My first year living on my own was hard but I didn’t have time to think a lot about loneliness. I was focused on my anger, the divorce process and just figuring out how to do it all on my own. The next year, I did everything I could to avoid being alone. I went out with friends, on dates, anything. I didn’t see that I was scared to be alone.
Once I started my journey of learning about self awareness and transformation, I saw my fears and began to understand them. I realized I needed to learn to enjoy being alone.
That first six months was incredibly hard. I got depressed. Being alone for the first time, I had to face feelings I had been ignoring for years. As I learned to practice self awareness, I was learning about myself and why I made the choices I had made in life. How I truly felt about myself became clear.
Self compassion was something I still had a lot to learn about at this point, so there was a lot of anger and disappointment. Anger at myself for not seeing this before. I was embarrassed because other people saw it, but I didn’t.

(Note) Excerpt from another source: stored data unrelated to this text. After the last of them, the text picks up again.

Definition C := (R * R)%type.
Definition C0 : C := (0, 0).
Definition C1 : C := (1, 0).
Definition Cadd (z w : C) : C := (fst z + fst w, snd z + snd w).
Definition Cmul (z w : C) : C :=
  (fst z * fst w - snd z * snd w, fst z * snd w + snd z * fst w).
Definition Cconj (z : C) : C := (fst z, - snd z).
Definition Cmod2 (z : C) : R := fst z * fst z + snd z * snd z.

Fixpoint csum (n : nat) (f : nat -> C) : C :=
  match n with O => C0 | S k => Cadd (csum k f) (f k) end.
Fixpoint rsum (n : nat) (f : nat -> R) : R :=
  match n with O => 0 | S k => rsum k f + f k end.
Fixpoint rmax (n : nat) (f : nat -> R) : R :=
  match n with O => 0 | S k => Rmax (rmax k f) (f k) end.

(* Matrices: entries indexed by nat; dimensions are carried separately and
   only entries with indices in range are ever relevant. *)
Definition mat := nat -> nat -> C.

Definition mmul (p : nat) (M N : mat) : mat :=
  fun i k => csum p (fun j => Cmul (M i j) (N j k)).
Definition conjtr (M : mat) : mat := fun i j => Cconj (M j i).
Definition idm : mat := fun i j => if Nat.eqb i j then C1 else C0.

Definition meq (r c : nat) (M N : mat) : Prop :=
  forall i j, (i < r)%nat -> (j < c)%nat -> M i j = N i j.

Definition is_inv (m : nat) (M B : mat) : Prop :=
  meq m m (mmul m M B) idm /\ meq m m (mmul m B M) idm.
(* the inverse of an m x m matrix (meaningful when it exists) *)
Definition minv (m : nat) (M : mat) : mat :=
  epsilon (inhabits (fun _ _ => C0)) (is_inv m M).

Definition pinv (m n : nat) (A : mat) : mat :=
  mmul m (conjtr A) (minv m (mmul n A (conjtr A))).

(* full rank for m x n with m < n: the rows are linearly independent *)
Definition full_row_rank (m n : nat) (A : mat) : Prop :=
  forall c : nat -> C,
    (forall j, (j < n)%nat -> csum m (fun i => Cmul (c i) (A i j)) = C0) ->
    forall i, (i < m)%nat -> c i = C0.

Definition Gset (m n : nat) (A X : mat) : Prop := meq m m (mmul n A X) idm.

Inductive ext := Fin (q : R) | Inf.
Definition valid_exp (q : ext) : Prop :=
  match q with Fin q => 1 <= q | Inf => True end.

(* x^q for x >= 0, with 0^q = 0 *)
Definition rpow (x q : R) : R :=
  if Req_EM_T x 0 then 0 else Rpower x q.

Definition colnorm2 (r : nat) (M : mat) (j : nat) : R :=
  sqrt (rsum r (fun i => Cmod2 (M i j))).

Definition colnorm (r c : nat) (q : ext) (M : mat) : R :=
  match q with
  | Fin q => rpow (rsum c (fun j => rpow (colnorm2 r M j) q)) (/ q)
  | Inf => rmax c (fun j => colnorm2 r M j)
  end.

Definition in_ginv (m n : nat) (q : ext) (A X : mat) : Prop :=
  Gset m n A X /\
  forall Y, Gset m n A Y -> colnorm n m q X <= colnorm n m q Y.

Definition in_pginv (m n : nat) (q : ext) (A X : mat) : Prop :=
  Gset m n A X /\
  forall Y, Gset m n A Y ->
    colnorm n n q (mmul m X A) <= colnorm n n q (mmul m Y A).

Definition Aeta (eta : R) : mat :=
  fun i j => match i, j with
             | O, O => (/ eta, 0)
             | 1%nat, 1%nat => C1
             | _, _ => C0
             end.

(* Every Y in G(A) splits as Y = A^+ + Z with A Z = 0.  The columns of
   A^+ = A^H (A A^H)^-1 lie in the range of A^H, which is orthogonal to the
   kernel of A, so each column of Y has squared norm equal to that of the
   corresponding column of A^+ plus that of Z; the same holds for
   Y A = A^+ A + Z A, since A (Z A) = 0 as well.  A col(2,q) norm is monotone
   in the column norms, so A^+ minimises both ||Y|| and ||Y A||; for finite q
   it is strictly monotone in each column, which forces Z = 0 (resp. Z A = 0,
   hence Z = 0 by full rank).  For q = oo only the largest column counts, so a
   smaller column can be moved off the range of A^H without changing the norm. *)

From Stdlib Require Import Reals Lra Lia Ring ClassicalEpsilon.
From Pilot Require Import Defs.
From mathcomp Require all_boot all_algebra Rstruct.
From mathcomp.real_closed Require complex.
Open Scope R_scope.

(* Invertibility is transported from MathComp's matrices over [Rcomplex R]. *)
Module SquareInverse.
Import all_boot all_algebra Rstruct complex GRing.Theory.
Local Open Scope ring_scope.
Local Notation CC := (Rcomplex R).

Definition embC (z : Defs.C) : CC := Complex (fst z) (snd z).
Definition projC (z : CC) : Defs.C := (Re z, Im z).

Lemma embCK z : projC (embC z) = z. Proof. by case: z. Qed.
Lemma projCK z : embC (projC z) = z. Proof. by case: z. Qed.
Lemma embC_inj z w : embC z = embC w -> z = w.
Proof. by move=> /(congr1 projC); rewrite !embCK. Qed.
Lemma embC_add z w : embC (Cadd z w) = embC z + embC w.
Proof. by case: z => a b; case: w. Qed.
Lemma embC_mul z w : embC (Cmul z w) = embC z * embC w.
Proof. by case: z => a b; case: w. Qed.
Lemma embC_csum n f : embC (csum n f) = \sum_(i < n) embC (f i).
Proof.
elim: n => [|n IH] /=; first by rewrite big_ord0.
by rewrite embC_add IH big_ord_recr.
Qed.

Lemma is_inv_exists m (M : mat) : full_row_rank m m M -> exists B, is_inv m M B.
Proof.
case: m => [|m] FR; first by exists M; split => i j /ltP.
pose Mx : 'M[CC]_m.+1 := \matrix_(i, j) embC (M i j).
have Mx_free : row_free Mx.
  rewrite -kermx_eq0; apply/eqP/row_matrixP => i; rewrite row0.
  set u := row i (kermx Mx).
  have uM : u *m Mx = 0 by apply/sub_kermxP; exact: row_sub.
  pose c k := projC (u 0 (inord k)).
  have u0 : forall k, lt k m.+1 -> c k = Defs.C0.
    apply: FR => j /ltP lj; apply: embC_inj; rewrite embC_csum.
    transitivity ((u *m Mx) 0 (Ordinal lj)); last by rewrite uM !mxE.
    by rewrite mxE; apply: eq_bigr => k _; rewrite embC_mul /c projCK inord_val /Mx !mxE.
  apply/rowP => k; rewrite [RHS]mxE.
  by have /(congr1 embC) := u0 k (ltP (ltn_ord k)); rewrite /c projCK inord_val.
have Mx_unit : Mx \in unitmx by rewrite -row_free_unit.
have idm_mx : forall i k, (i < m.+1)%N -> (k < m.+1)%N ->
    embC (idm i k) = (1%:M : 'M[CC]_m.+1) (inord i) (inord k).
  move=> i k li lk; rewrite mxE /idm.
  case: Nat.eqb_spec => [->|ne]; first by rewrite eqxx.
  suff /negbTE -> : inord i != inord k :> 'I_m.+1 by [].
  by apply/eqP => /(congr1 val); rewrite /= !inordK.
exists (fun i j => projC (invmx Mx (inord i) (inord j))).
split => i k /ltP li /ltP lk; apply: embC_inj; rewrite embC_csum idm_mx //.
- rewrite -(mulmxV Mx_unit) mxE; apply: eq_bigr => j _.
  by rewrite embC_mul projCK !mxE inordK // inord_val.
- rewrite -(mulVmx Mx_unit) mxE; apply: eq_bigr => j _.
  by rewrite embC_mul projCK !mxE inordK // inord_val.
Qed.
End SquareInverse.

Definition Copp (z : C) : C := (- fst z, - snd z).
Definition Csub (z w : C) : C := Cadd z (Copp w).

Lemma pair_eq (a b c d : R) : a = c -> b = d -> (a, b) = (c, d).
Proof. intros; subst; reflexivity. Qed.

Ltac csolve := repeat match goal with z : C |- _ => destruct z end;
  unfold Csub, Copp, Cadd, Cmul, Cconj, C0, C1 in *; simpl; apply pair_eq; ring.

Lemma C_ring : ring_theory C0 C1 Cadd Cmul Csub Copp (@eq C).
Proof. split; intros; csolve. Qed.
Add Ring C_ring : C_ring.

Lemma Cconj_add z w : Cconj (Cadd z w) = Cadd (Cconj z) (Cconj w). Proof. csolve. Qed.
Lemma Cconj_mul z w : Cconj (Cmul z w) = Cmul (Cconj z) (Cconj w). Proof. csolve. Qed.
Lemma Cconj0 : Cconj C0 = C0. Proof. csolve. Qed.

Lemma Csub_eq0 z w : Csub z w = C0 -> z = w.
Proof. intros H. replace z with (Cadd (Csub z w) w) by ring. rewrite H. ring. Qed.

Lemma Cmod2_ge0 z : 0 <= Cmod2 z.
Proof. unfold Cmod2. nra. Qed.
Lemma Cmod2_eq0 z : Cmod2 z = 0 -> z = C0.
Proof. destruct z as [a b]; unfold Cmod2, C0; simpl; intros. apply pair_eq; nra. Qed.
Lemma Cmod2_C1 : Cmod2 C1 = 1.
Proof. unfold Cmod2, C1; simpl; ring. Qed.
Lemma Cmod2_add z w : Cmod2 (Cadd z w) = Cmod2 z + Cmod2 w + 2 * fst (Cmul z (Cconj w)).
Proof. destruct z, w; unfold Cmod2, Cadd, Cmul, Cconj; simpl; ring. Qed.

Lemma csum_ext n f g : (forall i, (i < n)%nat -> f i = g i) -> csum n f = csum n g.
Proof. induction n; simpl; intros H; auto. rewrite IHn, H; auto. Qed.
Lemma csum_eq0 n f : (forall i, (i < n)%nat -> f i = C0) -> csum n f = C0.
Proof. induction n; simpl; intros H; auto. rewrite IHn, H; auto. ring. Qed.
Lemma csum_add n f g : csum n (fun i => Cadd (f i) (g i)) = Cadd (csum n f) (csum n g).
Proof. induction n; simpl. csolve. rewrite IHn. ring. Qed.
Lemma csum_sub n f g : csum n (fun i => Csub (f i) (g i)) = Csub (csum n f) (csum n g).
Proof. induction n; simpl. csolve. rewrite IHn. ring. Qed.
Lemma csum_mull n c f : csum n (fun i => Cmul c (f i)) = Cmul c (csum n f).
Proof. induction n; simpl. csolve. rewrite IHn. ring. Qed.
Lemma csum_mulr n c f : csum n (fun i => Cmul (f i) c) = Cmul (csum n f) c.
Proof. induction n; simpl. csolve. rewrite IHn. ring. Qed.
Lemma csum_conj n f : Cconj (csum n f) = csum n (fun i => Cconj (f i)).
Proof. induction n; simpl. csolve. rewrite Cconj_add, IHn. reflexivity. Qed.
Lemma exchange_csum n p f :
  csum n (fun i => csum p (fun j => f i j)) = csum p (fun j => csum n (fun i => f i j)).
Proof.
  induction n; simpl. symmetry; apply csum_eq0; auto.
  rewrite IHn, <- csum_add. reflexivity.
Qed.
Lemma fst_csum n f : fst (csum n f) = rsum n (fun i => fst (f i)).
Proof. induction n; simpl; auto. rewrite IHn. reflexivity. Qed.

What I lost out on by never really being alone and being the type of person that was always a people pleaser was, I had no idea what I wanted to do when I was alone. It sounds a little silly but it’s true. My hobbies were other people’s hobbies. When I went out, I did what my friends/partners wanted to do.
It was about that time that I went on my first solo vacation. I drove to Colorado and rented a cabin in the woods. That is when I rediscovered that I loved hiking and being outdoors.
I began to enjoy spending time with myself. I accepted that I needed to go through everything I did to be me. I was learning to love myself.
But that didn’t mean I never felt lonely. I knew the old me would have looked to unhealthy ways to fill a loneliness void. I was determined never to go back to the old me though. I had to find new ways to fill that void.
The way I fill the void is to do something I love. Whether that’s hiking, reading/learning, blogging or walking my dog. I had to stop focusing on what I didn’t have and spend my energy on something I love. It has made all of the difference.
July 16, 2017 at 2:36 pm
I love this so much!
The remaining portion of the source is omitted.